Clonoulty () is a small village and a civil parish in County Tipperary, Ireland. It is one of nine civil parishes in the barony of Kilnamanagh Lower. It is also one half of the ecclesiastical parish of Clonoulty-Rossmore in the Roman Catholic Archdiocese of Cashel and Emly. Clonoulty may also refer to a slightly larger area which forms one half of the catchment area for Clonoulty-Rossmore GAA club.

Location
Clonoulty is on the R661 road,  southwest of Thurles and  northeast of Tipperary town. Holycross and its eponymous abbey is  away on the Thurles road. Cashel and the Rock of Cashel are approximately  away.

History
The Calendar of Patent Rolls of Ireland records difficulties from 1582 onwards with Clonoulty rent collection for land which had passed into Crown control after the dissolution of the monasteries.  Lands were burned, spoiled and remained waste for up to three years.

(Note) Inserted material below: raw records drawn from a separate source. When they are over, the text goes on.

(* Let $a_0,a_1,a_2,a_3\in\mathbb{R}$ and for real $\lambda$ let $$\mathbf{M}_\lambda=\begin{bmatrix}1&\frac{a_3}{2}&\frac{a_2-\lambda}{2}\\[2pt] \frac{a_3}{2}&\lambda&\frac{a_1}{2}\\[2pt] \frac{a_2-\lambda}{2}&\frac{a_1}{2}&a_0\end{bmatrix}.$$ For $\lambda_i\in\mathbb{R}$, the conic $\mathbf{M}_{\lambda_i}$ is a degenerate conic consisting of a real repeated line if and only if $\lambda_i=\frac{a_3^2}{4}$ and $\lambda_i$ is a root of multiplicity at least $2$ of the cubic equation $\det(\mathbf{M}_\lambda)=0$ in $\lambda$.
   Context: A real symmetric $3\times3$ matrix $\mathbf{M}$ defines the conic $\{[u:v:w]\in\mathbb{P}^2(\mathbb{C}) : (u,v,w)\mathbf{M}(u,v,w)^T=0\}$. The conic ''consists of a real repeated line'' if the quadratic form $(u,v,w)\mathbf{M}(u,v,w)^T$ equals $c\,\ell^2$ for some nonzero real constant $c$ and some nonzero linear form $\ell$ with real coefficients. Explicitly, $\det(\mathbf{M}_\lambda)=-\tfrac14\lambda^3+b_2\lambda^2+b_1\lambda+b_0$ with $b_0=\tfrac14(-a_1^2+a_1a_2a_3-a_0a_3^2)$, $b_1=\tfrac14(4a_0-a_2^2-a_1a_3)$, $b_2=\tfrac{a_2}{2}$. *)

From HB Require Import structures.
From mathcomp Require Import all_boot all_order all_algebra.
Set Implicit Arguments. Unset Strict Implicit. Unset Printing Implicit Defensive.
Import Order.TTheory GRing.Theory Num.Theory.
Local Open Scope ring_scope.

Definition Mlam (R : realFieldType) (a0 a1 a2 a3 l : R) : 'M[R]_3 :=
  \matrix_(i < 3, j < 3)
    nth 0 (nth [::]
      [:: [:: 1; a3 / 2; (a2 - l) / 2];
          [:: a3 / 2; l; a1 / 2];
          [:: (a2 - l) / 2; a1 / 2; a0]] i) j.

Definition Mpoly (R : realFieldType) (a0 a1 a2 a3 : R) : 'M[{poly R}]_3 :=
  \matrix_(i < 3, j < 3)
    nth 0 (nth [::]
      [:: [:: 1; (a3 / 2)%:P; (a2 / 2)%:P - 2^-1 *: 'X];
          [:: (a3 / 2)%:P; 'X; (a1 / 2)%:P];
          [:: (a2 / 2)%:P - 2^-1 *: 'X; (a1 / 2)%:P; a0%:P]] i) j.

Definition detpoly (R : realFieldType) (a0 a1 a2 a3 : R) : {poly R} :=
  \det (Mpoly a0 a1 a2 a3).

Definition qform (R : realFieldType) (M : 'M[R]_3) (x : 'rV[R]_3) : R :=
  (x *m M *m x^T) 0 0.

Definition linform (R : realFieldType) (l x : 'rV[R]_3) : R :=
  (x *m l^T) 0 0.

Definition real_repeated_line (R : realFieldType) (M : 'M[R]_3) : Prop :=
  exists (c : R) (l : 'rV[R]_3),
    c != 0 /\ l != 0 /\ forall x : 'rV[R]_3, qform M x = c * (linform l x) ^+ 2.

From HB Require Import structures.
From mathcomp Require Import all_boot all_order all_algebra.
From mathcomp Require Import ring.
Import Order.TTheory GRing.Theory Num.Theory.
Local Open Scope ring_scope.
Set Implicit Arguments. Unset Strict Implicit. Unset Printing Implicit Defensive.

(* Since the corner entry of M_lambda is 1, the form is c l^2 exactly when it is the
   square of its first row, (u + (a3/2) v + ((a2 - lambda)/2) w)^2; comparing entries
   this means lambda = (a3/2)^2, a1/2 = (a3/2) c and a0 = c^2, where c = (a2 - lambda)/2.
   Expanding det M_lambda around lambda = (a3/2)^2 in T = lambda - (a3/2)^2 gives
   -e^2 + (f - e a3/2) T + O(T^2) with e = a1/2 - (a3/2) c and f = a0 - c^2, so T^2
   divides it iff e = f = 0: the same two conditions. *)

Lemma det_mx33 (R : comNzRingType) (A : 'M[R]_3) : \det A =
  A 0 0 * (A 1 1 * A 2 2 - A 1 2 * A 2 1)
  - A 0 1 * (A 1 0 * A 2 2 - A 1 2 * A 2 0)
  + A 0 2 * (A 1 0 * A 2 1 - A 1 1 * A 2 0).
Proof.
(* Indexing through [inord] lets [/=] compute the ordinals produced by [lift]. *)
have -> : A = \matrix_(i, j) A (inord i) (inord j).
  by apply/matrixP => i j; rewrite mxE !inord_val.
rewrite (expand_det_row _ 0) !big_ord_recl big_ord0 /cofactor.
rewrite !(expand_det_row _ 0) !big_ord_recl !big_ord0 /cofactor !det_mx11 !mxE /=.
ring.
Qed.

Lemma mul_tr_row (R : comNzRingType) n (r : 'rV[R]_n) i j :
  (r^T *m r) i j = r 0 i * r 0 j.
Proof. by rewrite mxE big_ord1 mxE. Qed.

Section RepeatedLine.
Variable R : realFieldType.
Implicit Types (M N : 'M[R]_3) (x l : 'rV[R]_3).

Lemma delta_mulmx_delta M i j :
  ((delta_mx 0 i : 'rV[R]_3) *m M *m (delta_mx 0 j : 'rV[R]_3)^T) 0 0 = M i j.
Proof. by rewrite -rowE trmx_delta -colE !mxE. Qed.

Lemma qformD M x y :
  qform M (x + y) = qform M x + qform M y
                    + (x *m M *m y^T) 0 0 + (y *m M *m x^T) 0 0.
Proof. rewrite /qform linearD !mulmxDl !mulmxDr !mxE; ring. Qed.

Lemma qformB M N x : qform (M - N) x = qform M x - qform N x.
Proof. by rewrite /qform mulmxBr mulmxBl !mxE. Qed.

Lemma sym_qform_inj M N :
  M^T = M -> N^T = N -> qform M =1 qform N -> M = N.
Proof.
move=> symM symN eqMN; apply/eqP; rewrite -subr_eq0; apply/eqP.
have symS : (M - N)^T = M - N by rewrite linearB /= symM symN.
have qS0 x : qform (M - N) x = 0 by rewrite qformB eqMN subrr.
move: (M - N) symS qS0 => S symS qS0.
have diagS i : S i i = 0 by rewrite -delta_mulmx_delta -(qS0 (delta_mx 0 i)).
apply/matrixP => i j; rewrite [RHS]mxE.
have Sji : S j i = S i j by rewrite -[in LHS]symS mxE.
have := qS0 (delta_mx 0 i + delta_mx 0 j).
rewrite qformD /qform !delta_mulmx_delta !diagS Sji !add0r -mulr2n.
by move/eqP; rewrite mulrn_eq0 => /eqP.
Qed.

Lemma qform_rank1 c l x : qform (c *: (l^T *m l)) x = c * linform l x ^+ 2.
Proof.
rewrite /qform /linform -scalemxAr -scalemxAl mxE; congr (c * _).
rewrite !mulmxA -[_ *m x^T]mulmxA mxE big_ord1 -[l *m x^T]trmxK trmx_mul trmxK.
by rewrite [in X in _ * X]mxE expr2.
Qed.

Lemma real_repeated_lineP M :
  M^T = M -> M 0 0 = 1 ->
  real_repeated_line M <-> forall i j, M i j = M 0 i * M 0 j.
Proof.
move=> symM M00; split=> [[c [l [_ [_ qMl]]]] i j | Msq].
  have rank1 : M = c *: (l^T *m l).
    apply: sym_qform_inj => //; first by rewrite linearZ /= trmx_mul trmxK.
    by move=> x; rewrite qMl qform_rank1.
  have Mij k m : M k m = c * (l 0 k * l 0 m) by rewrite rank1 mxE mul_tr_row.
  by rewrite -[LHS]mul1r -M00 !Mij; ring.
exists 1, (row 0 M); split; first exact: oner_neq0.
split.
  by apply/eqP => /matrixP/(_ 0 0); rewrite !mxE M00; apply/eqP; exact: oner_neq0.
have M_sq : M = 1 *: ((row 0 M)^T *m row 0 M).
  by apply/matrixP => i j; rewrite scale1r mul_tr_row !mxE Msq.
by move=> x; rewrite {1}M_sq qform_rank1.
Qed.

End RepeatedLine.

Lemma dvdp_XsubC_sqr (R : fieldType) (x k1 k0 : R) (q : {poly R}) :
  ('X - x%:P) ^+ 2 %| ('X - x%:P) ^+ 2 * q + k1 *: ('X - x%:P) + k0%:P
  = (k1 == 0) && (k0 == 0).
Proof.
rewrite -addrA dvdp_addr ?dvdp_mulIl //.
apply/idP/andP => [div | [/eqP-> /eqP->]]; last by rewrite scale0r add0r dvdp0.
have k0_eq0 : k0 = 0.
  have : root (k1 *: ('X - x%:P) + k0%:P) x.
    have XsubC_dvd_sqr : 'X - x%:P %| ('X - x%:P) ^+ 2 by rewrite expr2 dvdp_mulr.
    by rewrite -dvdp_XsubCl (dvdp_trans XsubC_dvd_sqr div).
  by rewrite /root !hornerE subrr mulr0 add0r => /eqP.
move: div; rewrite k0_eq0 addr0 -mul_polyC expr2 dvdp_mul2r ?polyXsubC_eq0 //.
by rewrite dvdp_XsubCl rootC eqxx => ->.
Qed.

Section DetpolyExpansion.
Variables (R : realFieldType) (a0 a1 a2 a3 : R).
Local Notation b := (a3 / 2).
Local Notation c := ((a2 - b ^+ 2) / 2).
Local Notation T := ('X - (b ^+ 2)%:P).

Lemma detpoly_expand : exists q : {poly R},
  detpoly a0 a1 a2 a3 = T ^+ 2 * q + (a0 - c ^+ 2 - (a1 / 2 - b * c) * b) *: T
                        + (- (a1 / 2 - b * c) ^+ 2)%:P.
Proof.
have two_half : 2 * 2^-1 = 1 :> R by rewrite divff // pnatr_eq0.
(* [ring] treats [2^-1] as an atom, so the factor [2 * 2^-1] is made explicit. *)
have -> : a0 - c ^+ 2 - (a1 / 2 - b * c) * b
          = a0 - c ^+ 2 - (a1 / 2 - b * c) * b * (2 * 2^-1).
  by rewrite two_half mulr1.
exists ((c * (2 * 2^-1) - (b * 2^-1) ^+ 2)%:P - 2^-1 ^+ 2 *: T).
rewrite /detpoly det_mx33 !mxE /= -!mul_polyC.
ring.
Qed.

Lemma dvdp_detpoly :
  (T ^+ 2 %| detpoly a0 a1 a2 a3) = (a1 / 2 == b * c) && (a0 == c ^+ 2).
Proof.
have [q ->] := detpoly_expand.
rewrite dvdp_XsubC_sqr oppr_eq0 sqrf_eq0 !subr_eq0 andbC.
by have [-> | //] := eqVneq (a1 / 2) (b * c); rewrite subrr mul0r subr_eq0.
Qed.

End DetpolyExpansion.

Lemma Mlam_sym (R : realFieldType) (a0 a1 a2 a3 l : R) :
  (Mlam a0 a1 a2 a3 l)^T = Mlam a0 a1 a2 a3 l.
Proof.
apply/matrixP => i j; rewrite !mxE.
by case: i => [[|[|[|//]]] ?]; case: j => [[|[|[|//]]] ?].
Qed.

Lemma Mlam_repeated_lineP (R : realFieldType) (a0 a1 a2 a3 l : R) :
  real_repeated_line (Mlam a0 a1 a2 a3 l) <->
  [/\ l = (a3 / 2) ^+ 2, a1 / 2 = a3 / 2 * ((a2 - l) / 2)
    & a0 = ((a2 - l) / 2) ^+ 2].
Proof.
rewrite real_repeated_lineP ?Mlam_sym ?mxE //.
split=> [Msq | [l_eq a1_eq a0_eq] i j].
  by move: (Msq 1 1) (Msq 1 2) (Msq 2 2); rewrite !mxE /= -!expr2.
rewrite !mxE.
case: i => [[|[|[|//]]] ?]; case: j => [[|[|[|//]]] ?] /=;
  by rewrite ?mul1r ?mulr1 -?expr2 // a1_eq mulrC.
Qed.

Theorem lemma3 (R : realFieldType) (a0 a1 a2 a3 li : R) :
  real_repeated_line (Mlam a0 a1 a2 a3 li) <->
  (li = a3 ^+ 2 / 4 /\ ('X - li%:P) ^+ 2 %| detpoly a0 a1 a2 a3).
Proof.
have sqr_half : a3 ^+ 2 / 4 = (a3 / 2) ^+ 2.
  by rewrite expr_div_n -natrX.
rewrite Mlam_repeated_lineP sqr_half.
split=> [[-> a1_eq a0_eq] | [-> ]]; rewrite dvdp_detpoly.
  by rewrite a1_eq a0_eq !eqxx.
by case/andP => /eqP a1_eq /eqP a0_eq.
Qed.
Lemma path_concat L :
  loop_seq q f K -> path_seq q h L ->
  path_seq q (concat f K s h) (K + L) /\
  cseq q (concat f K s h) (K + L) = IZR s * cseq q h L /\
  wseq q (concat f K s h) (K + L) = wseq q f K * wseq q h L.
Proof.
  intros [Hf Hc] Hh. split; [|split]; [|now apply cseq_concat|now apply wseq_concat].
  intros i Hi. destruct (Nat.ltb_spec i K).
  - unfold concat. rewrite cseq_splice_lt by assumption. now apply Hf.
  - replace i with (K + (i - K))%nat by lia. rewrite cseq_concat by assumption.
    apply Rmult_integral_contrapositive. split.
    + destruct Hs as [-> | ->]; simpl; lra.
    + apply Hh. lia.
Qed.

Lemma proper_concat L :
  proper_seq f K -> proper_seq h L -> (f K + s * h 0%nat <> 0)%Z ->
  proper_seq (concat f K s h) (K + L).
Proof.
  intros Hf Hh Hjoin i Hi. unfold concat, splice.
  destruct (Nat.ltb_spec i K); [now apply Hf|].
  destruct (Nat.eqb_spec i K); [assumption|].
  assert (h (S (i - S K)) <> 0%Z) by (apply Hh; lia).
  destruct Hs as [-> | ->]; lia.
Qed.

End Concat.

(* Gluing a proper loop to itself, with the sign chosen so that the seam is nonzero. *)
Lemma proper_loop_double q f K :
  loop_seq q f K -> proper_seq f K -> (0 < K)%nat ->
  exists g, loop_seq q g (K + K) /\ proper_seq g (K + K) /\
    wseq q g (K + K) = wseq q f K * wseq q f K.
Proof.
  intros Hl Hpr HK.
  assert (Hf0 : f 0%nat <> 0%Z) by (apply Hpr; exact HK).
  assert (Hs : exists s, (s = 1 \/ s = -1)%Z /\ (f K + s * f 0%nat <> 0)%Z).
  { destruct (Z.eq_dec (f K + f 0%nat) 0) as [E|E]; [exists (-1)%Z|exists 1%Z]; lia. }
  destruct Hs as [s [Hs Hseam]].
  destruct (path_concat q f f K s Hs K Hl (proj1 Hl)) as [Hp [Hc Hw]].
  exists (concat f K s f). split; [split|split]; try assumption.
  - rewrite Hc, (proj2 Hl). ring.
  - now apply proper_concat.
Qed.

The Irish language derivation of the name 'Clonoulty' is given as Cluain Abhla or Cluain Ula, meaning 'meadow of the apple tree (or orchard)'. 'Cluain an Ultaigh' is also given as a derivation, associated with a belief that Donal Cam O'Sullivan Beare and his followers spent a night in the Clonoulty area as they fled their native territory based in the present day Beara Peninsula.

During the 1800s, many people from the area emigrated to Australia.  Boorowa, New South Wales (the Tipperary of the South) was settled by Europeans who were mainly Irish convicts transported from Clonoulty after political activity against the British in 1815.

On 12 August 1848, Thomas Francis Meagher was arrested on the road between Clonoulty and Holycross. Seventeen years later, on 12 August 1865 a single stone meteorite of 4 lb 14.5oz was seen to fall and was recovered from a local field.

Clonoulty was the home of Eamon Ó Duibhir, the Irish Republican Brotherhood member and officer of the Irish Volunteers. Seán Hogan, of the Third Tipperary Brigade, was captured by the Royal Irish Constabulary (RIC) on the morning of 11 May 1919, after leaving a dance at his house. In an event known as the Rescue at Knocklong, Hogan was rescued the following day at Knocklong railway station, during which two of his four-man RIC escort were shot.

On 31 March 1920, during the War of Independence, an RIC hut here was attacked by the 2nd Battalion of the South Tipperary Brigade. The defense was successfully led by Sgt Patrick McDonnell who was subsequently assassinated on 10 May of the same year at Goold's Cross railway station on his way to the RIC hut.

Facilities
Clonoulty has a post office, two pubs, a shop, and a primary school. The primary (national) school which serves the civil parish, Clonoulty National School, had over 80 pupils enrolled as of the 2019/2020 school year. There is also a primary school in the nearby village of Rossmore (3 km away).

The local Roman Catholic church is dedicated to St John the Baptist, and was built in 1878. A former Church of Ireland church, now in use as a funeral home, was built in 1856 and closed in 1976. A Sheela na Gig, discovered in Clonoulty's graveyard in the 1980s, is now held in the Bolton Library in Cashel.

The grounds of the local GAA club, Clonoulty–Rossmore GAA, includes two pitches and a children's playground.